The dynforce low friction (L. F.) has anterior segment with size .021×.025 and posterior segments with size .018×.022. The material is heat-treated stainless steel in order to reduce indentations (notching) during the clinical use and improve sliding mechanics. Posterior segments (either .018×.025 or .018×.022 in size) are more flexible and hence have lower coefficient of binding than the conventional .019×.025 stainless steel archwires traditionally used for the retraction of anterior teeth. The aim is to minimize binding and notching during the phase of space closure. Further, posterior segments (either .018×.025 or .018×.022) have rectangular cross-section and not round cross-section, because the rectangular shape offers a better control of the archform during space closure mechanics.

The anterior segment (size .021×.025) has higher rigidity, in order to maximize the control of incisor tip and torque. Higher rigidity also helps to prevent canting of the incisal plane when asymmetrical forces are used, for example during midline shift correction.

Hooks 6,5 mm long are used when the Dynforce archwire is utilized with TAD miniscrews.

As shown in Figure 13 the dynforce can be used in association with miniscrews positioned between second premolar and first molar 7–8 mm above the archwire. The retracting force is generated by elastic chain running from the miniscrews to the hooks of the archwire. The retracting force passes close to the center of resistance of the dental arch in order to produce a bodily movement of front teeth.
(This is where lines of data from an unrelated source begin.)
Lemma L_ge_succ k t : t < k -> (INR t + 1 <= L k t)%R.
Proof.
  intros Htk. unfold L, log2R. rewrite plus_IZR, <- INR_IZR_INZ. change (IZR 1) with 1%R.
  assert (Hk : (0 < IZR (Z.of_nat k - Z.of_nat t + 1))%R) by (apply IZR_lt; lia).
  assert (Hx : (1 <= IZR ((Z.of_nat t + 1) * (Z.of_nat k - Z.of_nat t + 1)))%R)
    by (apply IZR_le; nia).
  set (x := IZR ((Z.of_nat t + 1) * (Z.of_nat k - Z.of_nat t + 1))) in *.
  assert (Hln : (0 <= ln x)%R).
  { rewrite <- ln_1. destruct (Rle_lt_or_eq_dec _ _ Hx) as [Hlt| <-]; [|lra].
    left. apply ln_increasing; lra. }
  assert (Hln2 : (0 < ln 2)%R) by (rewrite <- ln_1; apply ln_increasing; lra).
  assert (0 <= ln x / ln 2)%R by (apply Rmult_le_pos; [lra|left; apply Rinv_0_lt_compat; lra]).
  nra.
Qed.

Theorem mainTheorem19 (n k l t : nat) :
  (k > l)%nat -> (l >= t + 2)%nat ->
  (INR n >= 2 * L k t)%R ->
  (n >= t + 1 + (k - t) * (l - t))%nat ->
  (r1 n k l t > r1 n l k t)%Z.
Proof.
  intros Hkl Hlt HL Hn.
  (* The bound on [n] in terms of [L k t] is only needed in the weak form [n - t > t]. *)
  assert (Htn : 2 * t + 2 <= n).
  { pose proof (L_ge_succ k t ltac:(lia)).
    apply INR_le. rewrite plus_INR, mult_INR. cbn [INR]. lra. }
  rewrite !r1_with_singleton by nia.
  replace (n - t) with (S (n - t - 1)) by lia.
  apply Z.lt_gt, with_singleton_product_lt; nia.
Qed.
Section running_min.
Variables (R : realType) (X : topologicalType) (U : nat -> X -> R).

Fixpoint running_min n x :=
  if n is k.+1 then Num.min (running_min k x) (U k.+1 x) else U 0 x.

Lemma running_min_continuous n :
  (forall i, continuous (U i)) -> continuous (running_min n).
Proof. by move=> U_cont; elim: n => [|n IH] //=; exact: min_fun_continuous. Qed.

Lemma running_min_le n i x : (i <= n)%N -> running_min n x <= U i x.
Proof.
elim: n => [|n IH] /=; first by rewrite leqn0 => /eqP ->.
rewrite leq_eqVlt ltnS ge_min => /orP[/eqP ->|/IH ->]; by rewrite ?lexx ?orbT.
Qed.

Lemma le_running_min n x c : (forall i, c <= U i x) -> c <= running_min n x.
Proof. by move=> c_le; elim: n => [|n IH] //=; rewrite le_min IH c_le. Qed.

End running_min.

Lemma lower_modifications (R : realType) (X : topologicalType)
    (U : nat -> X -> R) (G : X -> R) :
  (forall n, continuous (U n)) ->
  (forall x, (exists n, U n x = G x) /\ (forall n, G x <= U n x)) ->
  exists A : nat * nat -> X -> R,
    [/\ forall nk, continuous (A nk),
        forall nk x, G x <= A nk x <= U 0 x,
        forall x, finite_set [set nk | A nk x != U 0 x]
      & forall x, exists nk, A nk x = G x].
Proof.
move=> U_cont U_env; pose m := running_min U.
have m_nonincr n x : m n.+1 x <= m n x by rewrite /= ge_min lexx.
have G_le_m n x : G x <= m n x by apply: le_running_min; exact: (U_env x).2.
have m_reaches_G x : exists n, m n x = G x.
  have [[N UN_G] _] := U_env x; exists N; apply/eqP.
  by rewrite eq_le G_le_m -UN_G running_min_le.
exists (lower_mod m); split.
- by move=> nk; apply: lower_mod_continuous => n; exact: running_min_continuous.
- exact: lower_mod_itv.
- exact: finite_lower_mod_support.
- exact: lower_mod_attains.
Qed.

Lemma upper_modifications (R : realType) (X : topologicalType)
    (U : nat -> X -> R) (H : X -> R) :
  (forall n, continuous (U n)) ->
  (forall x, (exists n, U n x = H x) /\ (forall n, U n x <= H x)) ->
  exists B : nat * nat -> X -> R,
    [/\ forall nk, continuous (B nk),
        forall nk x, U 0 x <= B nk x <= H x,
        forall x, finite_set [set nk | B nk x != U 0 x]
      & forall x, exists nk, B nk x = H x].
Proof.
move=> U_cont envH.
have [|x|A [A_cont A_itv A_fin A_att]] :=
  lower_modifications (U := fun n x => - U n x) (G := fun x => - H x).
- by move=> n x; apply: cvgN; exact: U_cont.
- have [[N UN_H] U_le_H] := envH x.
  by split=> [|n]; [exists N; rewrite UN_H | rewrite lerN2].
exists (fun nk x => - A nk x); split.
- by move=> nk x; apply: cvgN; exact: A_cont.
- by move=> nk x; rewrite lerNr lerNl andbC.
- by move=> x; apply: sub_finite_set (A_fin x) => nk /=; rewrite eqr_oppLR.
- by move=> x; have [nk A_eq] := A_att x; exists nk; rewrite A_eq opprK.
Qed.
In this configuration binding is minimized for two reasons:

  • Posterior segments of the Dynforce are undersized, hence with lower coefficient of binding,
  • Hooks 6,5 mm long work like power arms: the point of application of the retracting force is close to the center of resistance of the dental arch, hence the angulation of the wire relative to the brackets and the deflection of the wire are minimized during the retraction phase.

A clinical case is presented. Figure 14 shows the start of en-masse retraction of anterior teeth with the dynforce archwire low friction (L.F.), with anterior segment with size .021×.025 and posterior segments with size .018×.022.
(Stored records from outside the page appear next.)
(* Consider a GND instance, a reply $\varrho$-oracle ($\varrho\ge1$), and a cost sharing mechanism $M$ whose induced GND game admits an $(A,B)$-bounded potential function and is $(\lambda,\mu)$-smooth with $\mu<1/(\varrho\epsilon_1^2)$, where $\epsilon_1=\frac{1+\epsilon}{1-\epsilon}$. Let $Q=\frac{2\epsilon_1NA}{1-\varrho\epsilon_1^2\mu}$, $T=\lceil Q\ln(ABN^{\max_j\alpha_j})\rceil$ and $T'=N\cdot T^2$. Run the randomized-selection variant of Alg-ABRD for $T'$ steps. Then with probability at least $1/2$ its output $p^{t^*}$ satisfies $$C(p^{t^*})\le\frac{2\varrho\epsilon_1^2\lambda}{1-\varrho\epsilon_1^2\mu}\cdot C^*.$$
   Context: GND instance: finite resource set $E$; requests $i \in [N]$, each with a reply collection $P_i \subseteq 2^E$ and a weight vector $w_i \in \mathbb{Z}_{\geq 1}^E$; constants $q \in \mathbb{Z}_{\ge 1}$, $\alpha_1,\dots,\alpha_q > 1$; for each $e$, $\sigma_e \geq 0$ and $\xi_{e,j} \geq 0$ (at least one $\xi_{e,j}>0$), and cost function $F_e(0)=0$, $F_e(l)=\sigma_e+\sum_j \xi_{e,j} l^{\alpha_j}$ for $l>0$. A strategy profile is $p=(p_1,\dots,p_N)\in P = P_1\times\dots\times P_N$; load $l_e^p=\sum_{i: e\in p_i} w_i(e)$; total cost $C(p)=\sum_e F_e(l_e^p)$; $C^*=\min_{p\in P} C(p)$. $(p'_i,p_{-i})$ is $p$ with the $i$-th coordinate replaced by $p'_i$. A reply $\varrho$-oracle, given a reply collection $R$ and tolls $\tau:E\to\mathbb{R}_{>0}$, returns $r \in R$ with $\sum_{e\in r}\tau(e) \le \varrho \sum_{e \in r'}\tau(e)$ for all $r'\in R$. A cost sharing mechanism (CSM) $M=\{f_{i,e}\}$ assigns cost shares $f_{i,e}(p) \geq 0$ with $\sum_i f_{i,e}(p) = F_e(l_e^p)$; it is separable and uniform: $f_{i,e}(p)=0$ if $e \notin p_i$, and $f_{i,e}(p)$ depends only on $w_i(e)$ and the multiset of weights of the other players using $e$. Individual cost $C_i(p)=\sum_e f_{i,e}(p)$. The game is $(\lambda,\mu)$-smooth ($\lambda>0$, $0<\mu<1$) if $\sum_i C_i(p'_i,p_{-i}) \le \lambda C(p') + \mu C(p)$ for all $p,p'$. $\Phi:P\to\mathbb{R}_{>0}$ is a potential function if $\Phi(p')-\Phi(p)=C_i(p')-C_i(p)$ whenever $p,p'$ differ only in coordinate $i$; it is $(A,B)$-bounded ($A,B\ge1$) if $\Phi(p)/A \le C(p) \le B\,\Phi(p)$ for all $p$. Randomized-selection variant of Alg-ABRD: fix small $\epsilon>0$. Values $\widetilde f_{i,e}(p)$ are fixed for all $i,e,p$ with $(1-\epsilon) f_{i,e}(p) \le \widetilde f_{i,e}(p) \le (1+\epsilon) f_{i,e}(p)$, and $\widetilde C_i(p)=\sum_e \widetilde f_{i,e}(p)$. Initial profile $p^0$: for each $i$, $p^0_i$ is the oracle's output on $P_i$ with tolls $\tau_i^0(e)=F_e(w_i(e))$. For $t=1,2,\dots$ up to the step budget: for every $i$ compute $p'_i$ with $\widetilde C_i(p'_i,p^{t-1}_{-i}) \le \varrho\, \widetilde C_i(p''_i,p^{t-1}_{-i})$ for all $p''_i\in P_i$, and let $\delta_i^t=\widetilde C_i(p^{t-1}) - \epsilon_1 \widetilde C_i(p'_i,p^{t-1}_{-i})$. If $\delta_i^t \le 0$ for all $i$, set $p^t=p^{t-1}$ and stop. Otherwise draw $i\in[N]$ uniformly at random; if $\delta_i^t>0$ set $p^t=(p'_i,p^{t-1}_{-i})$, else $p^t=p^{t-1}$. Output a generated profile $p^{t^*}$ of minimum total cost. Probability is over the random player selections. *)

From HB Require Import structures.
From mathcomp Require Import all_boot all_order all_algebra.
From mathcomp Require Import all_classical all_reals all_analysis.
Set Implicit Arguments. Unset Strict Implicit. Unset Printing Implicit Defensive.
Import Order.TTheory GRing.Theory Num.Theory.
Local Open Scope ring_scope.

(* Strategy profiles: p i is the reply (subset of resources) of request i. *)
Definition profile (E : finType) (N : nat) := {ffun 'I_N -> {set E}}.

Definition upd (E : finType) (N : nat) (p : profile E N) (i : 'I_N) (s : {set E})
  : profile E N := [ffun j => if j == i then s else p j].

Definition valid (E : finType) (N : nat) (P : 'I_N -> {set {set E}}) (p : profile E N)
  : bool := [forall i, p i \in P i].

Definition gnd_instance (R : realType) (E : finType) (N : nat)
  (P : 'I_N -> {set {set E}}) (w : 'I_N -> E -> nat) (q : nat)
  (alpha : 'I_q -> R) (sigma : E -> R) (xi : E -> 'I_q -> R) : Prop :=
  [/\ (0 < N)%N, forall i, (0 < #|P i|)%N, forall i e, (0 < w i e)%N, (0 < q)%N &
      [/\ forall j, 1 < alpha j, forall e, 0 <= sigma e,
          forall e j, 0 <= xi e j & forall e, exists j, 0 < xi e j]].

Definition Fcost (R : realType) (E : finType) (q : nat) (alpha : 'I_q -> R)
  (sigma : E -> R) (xi : E -> 'I_q -> R) (e : E) (l : nat) : R :=
  if l == 0%N then 0 else sigma e + \sum_(j < q) xi e j * (l%:R `^ alpha j).

Definition load (E : finType) (N : nat) (w : 'I_N -> E -> nat) (p : profile E N) (e : E)
  : nat := (\sum_(i < N | e \in p i) w i e)%N.

Definition total_cost (R : realType) (E : finType) (N : nat) (w : 'I_N -> E -> nat)
  (q : nat) (alpha : 'I_q -> R) (sigma : E -> R) (xi : E -> 'I_q -> R)
  (p : profile E N) : R :=
  \sum_(e : E) Fcost alpha sigma xi e (load w p e).

Definition is_oracle (R : realType) (E : finType) (rho : R)
  (O : {set {set E}} -> (E -> R) -> {set E}) : Prop :=
  forall (Rc : {set {set E}}) (tau : E -> R), (0 < #|Rc|)%N -> (forall e, 0 < tau e) ->
    O Rc tau \in Rc /\
    forall r', r' \in Rc -> \sum_(e in O Rc tau) tau e <= rho * \sum_(e in r') tau e.

Definition is_csm (R : realType) (E : finType) (N : nat) (P : 'I_N -> {set {set E}})
  (w : 'I_N -> E -> nat) (q : nat) (alpha : 'I_q -> R) (sigma : E -> R)
  (xi : E -> 'I_q -> R) (f : 'I_N -> E -> profile E N -> R) : Prop :=
  [/\ forall i e p, valid P p -> 0 <= f i e p,
      forall e p, valid P p -> \sum_(i < N) f i e p = Fcost alpha sigma xi e (load w p e),
      forall i e p, valid P p -> e \notin p i -> f i e p = 0 &
      forall i j e p p', valid P p -> valid P p' -> e \in p i -> e \in p' j ->
        w i e = w j e ->
        perm_eq [seq w k e | k <- enum 'I_N & (k != i) && (e \in p k)]
                [seq w k e | k <- enum 'I_N & (k != j) && (e \in p' k)] ->
        f i e p = f j e p'].

Definition indiv_cost (R : realType) (E : finType) (N : nat)
  (f : 'I_N -> E -> profile E N -> R) (i : 'I_N) (p : profile E N) : R :=
  \sum_(e : E) f i e p.

Definition is_smooth (R : realType) (E : finType) (N : nat) (P : 'I_N -> {set {set E}})
  (w : 'I_N -> E -> nat) (q : nat) (alpha : 'I_q -> R) (sigma : E -> R)
  (xi : E -> 'I_q -> R) (f : 'I_N -> E -> profile E N -> R) (lam mu : R) : Prop :=
  [/\ 0 < lam, 0 < mu, mu < 1 &
    forall p p', valid P p -> valid P p' ->
      \sum_(i < N) indiv_cost f i (upd p i (p' i))
        <= lam * total_cost w alpha sigma xi p' + mu * total_cost w alpha sigma xi p].

Definition is_potential (R : realType) (E : finType) (N : nat) (P : 'I_N -> {set {set E}})
  (f : 'I_N -> E -> profile E N -> R) (Phi : profile E N -> R) : Prop :=
  (forall p, valid P p -> 0 < Phi p) /\
  (forall p i s, valid P p -> s \in P i ->
     Phi (upd p i s) - Phi p = indiv_cost f i (upd p i s) - indiv_cost f i p).

Definition potential_bounded (R : realType) (E : finType) (N : nat)
  (P : 'I_N -> {set {set E}}) (w : 'I_N -> E -> nat) (q : nat) (alpha : 'I_q -> R)
  (sigma : E -> R) (xi : E -> 'I_q -> R) (Phi : profile E N -> R) (A B : R) : Prop :=
  [/\ 1 <= A, 1 <= B &
    forall p, valid P p ->
      Phi p / A <= total_cost w alpha sigma xi p <= B * Phi p].

Definition eps1 (R : realType) (eps : R) : R := (1 + eps) / (1 - eps).

Definition approx_shares (R : realType) (E : finType) (N : nat) (P : 'I_N -> {set {set E}})
  (f ft : 'I_N -> E -> profile E N -> R) (eps : R) : Prop :=
  forall i e p, valid P p -> (1 - eps) * f i e p <= ft i e p <= (1 + eps) * f i e p.

(* Best responses p'_i computed at step t: br t i p is the p'_i computed at
   step t for request i when the current profile is p. *)
Definition approx_br (R : realType) (E : finType) (N : nat) (P : 'I_N -> {set {set E}})
  (ft : 'I_N -> E -> profile E N -> R) (rho : R)
  (br : nat -> 'I_N -> profile E N -> {set E}) : Prop :=
  forall t i p, valid P p ->
    br t i p \in P i /\
    forall s, s \in P i ->
      indiv_cost ft i (upd p i (br t i p)) <= rho * indiv_cost ft i (upd p i s).

Definition init_profile (R : realType) (E : finType) (N : nat) (P : 'I_N -> {set {set E}})
  (w : 'I_N -> E -> nat) (q : nat) (alpha : 'I_q -> R) (sigma : E -> R)
  (xi : E -> 'I_q -> R) (O : {set {set E}} -> (E -> R) -> {set E}) : profile E N :=
  [ffun i => O (P i) (fun e => Fcost alpha sigma xi e (w i e))].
After three months of retraction (Fig. 15) incisors and canines moved backwards. Canine class I relationship is achieved and miniscrews are removed. The hooks of the dynforce wire are bent with a three prong plier and converted into short hooks. Space closure is then finished with reciprocal anchorage with elastic chain running from the hook of the archwire to the hook of the molar bracket. Figure 16 shows spaces closed four months after the start of retraction. The settling phase is then performed with conventional methods.
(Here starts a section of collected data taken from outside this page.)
(* Let $M$ be a finite ordinal monoid and $h\colon\Sigma\to M$. Then $(\mathcal P(M),\{1\},\subseteq,\cdot,-^\omega,-^\sharp)$ and $(\mathrm{Sat}(h),\{1\},\subseteq,\cdot,-^\omega,-^\sharp)$ (with the operations of the power ordinal monoid) are ordinal monoids with merge.
   Context: An ordinal monoid is a set $M$ with $\pi\colon M^{\mathrm{ord}}\to M$ (words of countable ordinal length), $\pi(x)=x$ on one-letter words, and generalised associativity $\pi((\pi(u_\iota))_{\iota<\alpha})=\pi(u_0u_1\cdots)$. Write $1=\pi(\varepsilon)$, $x\cdot y=\pi(xy)$, $x^\omega=\pi(xxx\cdots)$; a finite ordinal monoid is determined by $(M,1,\cdot,-^\omega)$. It is ordered by a partial order $\le$ if $u\le v$ letterwise implies $\pi(u)\le\pi(v)$. Power ordinal monoid: $\mathcal P(M)$ with $\Pi((X_\iota)_\iota)=\{\pi((x_\iota)_\iota):x_\iota\in X_\iota\}$; unit $\{1\}$, $X\cdot Y=\{xy\}$, $X^\omega=\{u\cdot v^\omega:u,v\in X^+\}$ ($X^+$ = finite nonempty products of elements of $X$). In a finite semigroup $x^{!}$ is the idempotent power of $x$ and $x^{!+k}$ the eventual value of $x^{n!+k}$; $X^\sharp=\bigcup_{k\in\mathbb N}X^{!+k}$ (powers in $(\mathcal P(M),\cdot)$). $\mathrm{Sat}(h)$ is the least subset of $\mathcal P(M)$ containing all $\{h(a)\}$ ($a\in\Sigma$) and $\{1\}$ closed under binary product, $\sharp$ and $\omega$. Ordinal monoid with merge: a tuple $(M,1,\le,\cdot,-^\omega,-^\sharp)$ with $M$ finite, $(M,1,\le,\cdot,-^\omega)$ the presentation of an ordered finite ordinal monoid, and $-^\sharp\colon M\to M$ monotone such that for all $a,b\in M$ and all integers $k$: $a^{!+k}\le a^\sharp$, $(a^{!})^\sharp=a^{!}$, $a^\sharp\cdot a^\sharp=(a^\sharp)^\sharp=a^\sharp$, and $(a\cdot b)^\sharp=a\cdot(b\cdot a)^\sharp\cdot b$. *)

From HB Require Import structures.
From mathcomp Require Import all_boot all_order all_algebra.
From mathcomp Require Import boolp.

Set Implicit Arguments.
Unset Strict Implicit.
Unset Printing Implicit Defensive.

(* the order is a (strict) well-order.  Words of the same ordinal length are *)
(* identified up to order isomorphism.                                       *)

Record oword (A : Type) := OWord {
  oidx : Type;
  olt : oidx -> oidx -> Prop;
  oletter : oidx -> A }.
Arguments oidx {A} _.
Arguments olt {A} _ _ _.
Arguments oletter {A} _ _.

Definition countable_type (I : Type) : Prop :=
  exists f : I -> nat, injective f.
Efficient sliding mechanics was performed thanks to low wire-bracket binding and proper point of application of the retracting force.

Archwire to bracket binding plays a significant role in sliding mechanics in clinical orthodontics. Binding can be minimized by appropriate strategies. Particularly, the use of low force nichel-titanium archwires (size .010 or .012) during the alignment phase, and the use of the dynforce archwire during the phase of closure of spaces are advocated by the authors.

The advantages of using archwires and mechanics that minimize binding are the possibility to use lower Class I retracting forces. Also, ceramic brackets can be routinely used without compromising treatment time.